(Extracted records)
···

Lemma grp_mulA a b c : mul a (mul b c) = mul (mul a b) c.
Proof. by case: Ggrp. Qed.
Lemma grp_mul1g a : mul one a = a. Proof. by case: Ggrp. Qed.
Lemma grp_mulg1 a : mul a one = a. Proof. by case: Ggrp. Qed.
Lemma grp_mulVg a : mul (inv a) a = one. Proof. by case: Ggrp. Qed.
Lemma grp_mulgV a : mul a (inv a) = one. Proof. by case: Ggrp. Qed.

Lemma grp_mulKg g a : mul (inv g) (mul g a) = a.
Proof. by rewrite grp_mulA grp_mulVg grp_mul1g. Qed.

Lemma grp_mulVKg g a : mul g (mul (inv g) a) = a.
Proof. by rewrite grp_mulA grp_mulgV grp_mul1g. Qed.

Lemma grp_invK g : inv (inv g) = g.
Proof. by rewrite -[inv (inv g)]grp_mulg1 -(grp_mulVg g) grp_mulKg. Qed.

Lemma grp_invMg g h : mul (inv (mul g h)) g = inv h.
Proof.
by rewrite -[X in X = _]grp_mulg1 -(grp_mulgV h) grp_mulA -(grp_mulA _ g)
  grp_mulVg grp_mul1g.
Qed.

Lemma image_mulK g (C : set G) :
  [set mul (inv g) c | c in [set mul g c' | c' in C]] = C.
Proof.
apply/seteqP; split => u /=; first by case=> _ [c Cc <-] <-; rewrite grp_mulKg.
by move=> Cu; exists (mul g u); [exists u | rewrite grp_mulKg].
Qed.

Lemma infinite_image_mul g (C : set G) :
  infinite_set C -> infinite_set [set mul g c | c in C].
Proof.
by move=> Cinf /(finite_image (mul (inv g))); rewrite image_mulK.
Qed.

Lemma config_actK g (w : config G k) :
  config_act mul inv (inv g) (config_act mul inv g w) = w.
Proof.
by apply: funext => -[i u]; rewrite /config_act /= grp_invK grp_mulKg.
Qed.

Lemma connected_sym w u v :
  Defs.connected mul s w u v -> Defs.connected mul s w v u.
Proof.
elim=> [a b [i rab]|a|a b c _ Hab _ Hbc];
  [|exact: rt_refl|exact: rt_trans Hbc Hab].
by apply: rt_step; exists i; case: rab; [right|left].
Qed.

Lemma cluster_eq w u v :
  Defs.connected mul s w u v -> Defs.cluster mul s w u = Defs.cluster mul s w v.
Proof.
move=> uv; apply/seteqP; split => z /=.
- exact: rt_trans (connected_sym uv).
- exact: rt_trans uv.
Qed.

Lemma connected_act h w u v : Defs.connected mul s w u v ->
  Defs.connected mul s (config_act mul inv h w) (mul h u) (mul h v).
Proof.
elim=> [a b [i rab]|a|a b c _ Hab _ Hbc];
  [|exact: rt_refl|exact: rt_trans Hab Hbc].
apply: rt_step; exists i; rewrite /config_act /= !grp_mulKg.
by case: rab => -[wi ->]; [left|right]; rewrite grp_mulA.
Qed.

Lemma cluster_act h w v :
  [set mul h c | c in Defs.cluster mul s w v] =
  Defs.cluster mul s (config_act mul inv h w) (mul h v).
Proof.
apply/seteqP; split => u /=; first by case=> c vc <-; exact: connected_act.
move=> /(connected_act (inv h)); rewrite config_actK grp_mulKg => vu.
by exists (mul (inv h) u); rewrite ?grp_mulVKg.
Qed.

End CayleyGraph.

Section ClusterRelation.
Variables (G : Type) (mul : G -> G -> G) (one : G) (inv : G -> G).
Hypothesis Ggrp : is_group mul one inv.
Variables (k : nat) (s : 'I_k -> G).
Variables (d : measure_display) (X : measurableType d) (R : realType).
Variables (nu : probability X R) (act : G -> X -> X) (pi : X -> config G k).
Hypothesis act_pmp : pmp_action mul one nu act.
Hypothesis pi_borel : borel_config_map pi.
Hypothesis pi_equiv : equivariant mul inv act pi.
Variable e : nat -> option G.
Hypothesis e_onto : enumerates e.

Local Notation conn := (Defs.connected mul s).
Local Notation cl := (Defs.cluster mul s).
Local Notation U := (Uinf mul one s pi).
Local Notation Cinfty := (Cinf mul s pi).
Local Notation pact := (pair_act mul act).
Local Notation pairT := (g_sigma_algebraType (@pair_gen d X G)).

Let act1 x : act one x = x. Proof. by case: act_pmp. Qed.
Let actM g h x : act (mul g h) x = act g (act h x).
Proof. by case: act_pmp. Qed.

Lemma act_invK g x : act (inv g) (act g x) = x.
Proof. by rewrite -actM (grp_mulVg Ggrp) act1. Qed.

Lemma act_invMK g h x : act (inv (mul g h)) (act g x) = act (inv h) x.
Proof. by rewrite -actM (grp_invMg Ggrp). Qed.

Lemma measurable_act_preimage g (A : set X) :
  measurable A -> measurable (act g @^-1` A).
Proof.
move=> mA; case: act_pmp => _ _ mact _.
by rewrite -[_ @^-1` _]setTI; exact: mact.
Qed.

Lemma negligible_act_preimage g (S : set X) :
  nu.-negligible S -> nu.-negligible (act g @^-1` S).
Proof.
case=> N [mN N0 SN]; exists (act g @^-1` N); split => //.
- exact: measurable_act_preimage.
- by case: act_pmp => _ _ _ ->.
- by move=> x /SN.
Qed.

Definition saturation (B : set X) : set X := [set x | exists g, B (act g x)].

Lemma sub_saturation B : B `<=` saturation B.
Proof. by move=> x Bx; exists one; rewrite act1. Qed.

Lemma saturation_act B g x : saturation B x -> saturation B (act g x).
Proof. by case=> h Bhx; exists (mul h (inv g)); rewrite actM act_invK. Qed.

Lemma measurable_saturation B : measurable B -> measurable (saturation B).
Proof.
by move=> mB; apply: (measurable_exists e_onto) => g;
  exact: measurable_act_preimage.
Qed.

Lemma negligible_saturation B :
  nu.-negligible B -> nu.-negligible (saturation B).
Proof.
by move=> nB; apply: (negligible_exists e_onto) => g;
  exact: negligible_act_preimage.
Qed.

Lemma cluster_equivariant h x v :
  [set mul h c | c in cl (pi x) v] = cl (pi (act h x)) (mul h v).
Proof. by rewrite (cluster_act Ggrp) pi_equiv. Qed.

Lemma measurable_connected u v : measurable [set x | conn (pi x) u v].
Proof.
apply: (measurable_clos_refl_trans _ _ e_onto) => a b.
apply: (measurable_exists (@unpickle_enumerates _)) => i.
apply: (@measurableU _ _ [set x | pi x (i, a) /\ b = mul a (s i)]
                        [set x | pi x (i, b) /\ a = mul b (s i)]);
  by apply: measurableI; [exact: pi_borel|exact: measurable_const_prop].
Qed.

Definition root_cluster (x : X) : X * set G := (x, cl (pi x) one).

Lemma root_cluster_act x v :
  root_cluster (act (inv v) x) = pact (inv v) (x, cl (pi x) v).
Proof. by rewrite /pair_act /= cluster_equivariant (grp_mulVg Ggrp). Qed.

Lemma Uinf_root_cluster x : U x <-> Cinfty (root_cluster x).
Proof. by split=> [Ux|[v [_ Cinf_v]]]; first by exists one. Qed.

Lemma Cinf_act g p : Cinfty p -> Cinfty (pact g p).
Proof.
case: p => x _ [v [/= -> Cinf_v]]; exists (mul g v); split.
- exact: cluster_equivariant.
- exact: (infinite_image_mul Ggrp).
Qed.

Lemma pair_actK g p : pact (inv g) (pact g p) = p.
Proof. by case: p => x C; rewrite /pair_act /= act_invK (image_mulK Ggrp). Qed.

Lemma pair_act_invariant (S : set (X * set G)) :
  (forall g p, S p -> S (pact g p)) -> forall g p, S p <-> S (pact g p).
Proof.
move=> Sact g p; split; first exact: Sact.
by move/(Sact (inv g)); rewrite pair_actK.
Qed.

Lemma Rcl_sym x y :
  Rcl mul one inv s act pi x y -> Rcl mul one inv s act pi y x.
Proof.
case=> g [<- conn_g]; exists (inv g); split.
  by rewrite (grp_invK Ggrp) -actM (grp_mulgV Ggrp) act1.
apply: connected_sym; have := connected_act Ggrp (inv g) conn_g.
by rewrite (grp_mulVg Ggrp) (grp_mulg1 Ggrp) pi_equiv.
Qed.

Lemma Rcl_root_cluster x y : Rcl mul one inv s act pi x y ->
  exists g, root_cluster y = pact g (root_cluster x).
Proof.
case=> g [<- conn_g]; exists (inv g).
by rewrite root_cluster_act -(cluster_eq conn_g).
Qed.

Lemma exists_cluster_sub_saturation (S : set (X * set G)) :
  S `<=` Cinfty -> (forall g p, S p -> S (pact g p)) ->
  [set x | exists C, S (x, C)] `<=` saturation (root_cluster @^-1` S).
Proof.
move=> SC Sact x [C SxC]; have [v [/= Cv _]] := SC _ SxC.
by exists (inv v); rewrite /preimage /= root_cluster_act -Cv; exact: Sact.
Qed.

Lemma measurable_fst_preimage (A : set X) :
  measurable A -> measurable [set p : pairT | A p.1].
Proof. by move=> mA; apply: sub_sigma_algebra; left; exists A. Qed.

Lemma measurable_mem_snd u : measurable [set p : pairT | p.2 u].
Proof. by apply: sub_sigma_algebra; right; exists u. Qed.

···

- **Exercise objective**
Start at the first line of the entries above. Set down each line exactly through the one with "Lemma config_actK g", and stop there.

- **Response to this task**
Lemma grp_mulA a b c : mul a (mul b c) = mul (mul a b) c.
Proof. by case: Ggrp. Qed.
Lemma grp_mul1g a : mul one a = a. Proof. by case: Ggrp. Qed.
Lemma grp_mulg1 a : mul a one = a. Proof. by case: Ggrp. Qed.
Lemma grp_mulVg a : mul (inv a) a = one. Proof. by case: Ggrp. Qed.
Lemma grp_mulgV a : mul a (inv a) = one. Proof. by case: Ggrp. Qed.

Lemma grp_mulKg g a : mul (inv g) (mul g a) = a.
Proof. by rewrite grp_mulA grp_mulVg grp_mul1g. Qed.

Lemma grp_mulVKg g a : mul g (mul (inv g) a) = a.
Proof. by rewrite grp_mulA grp_mulgV grp_mul1g. Qed.

Lemma grp_invK g : inv (inv g) = g.
Proof. by rewrite -[inv (inv g)]grp_mulg1 -(grp_mulVg g) grp_mulKg. Qed.

Lemma grp_invMg g h : mul (inv (mul g h)) g = inv h.
Proof.
by rewrite -[X in X = _]grp_mulg1 -(grp_mulgV h) grp_mulA -(grp_mulA _ g)
  grp_mulVg grp_mul1g.
Qed.

Lemma image_mulK g (C : set G) :
  [set mul (inv g) c | c in [set mul g c' | c' in C]] = C.
Proof.
apply/seteqP; split => u /=; first by case=> _ [c Cc <-] <-; rewrite grp_mulKg.
by move=> Cu; exists (mul g u); [exists u | rewrite grp_mulKg].
Qed.

Lemma infinite_image_mul g (C : set G) :
  infinite_set C -> infinite_set [set mul g c | c in C].
Proof.
by move=> Cinf /(finite_image (mul (inv g))); rewrite image_mulK.
Qed.

Lemma config_actK g (w : config G k) :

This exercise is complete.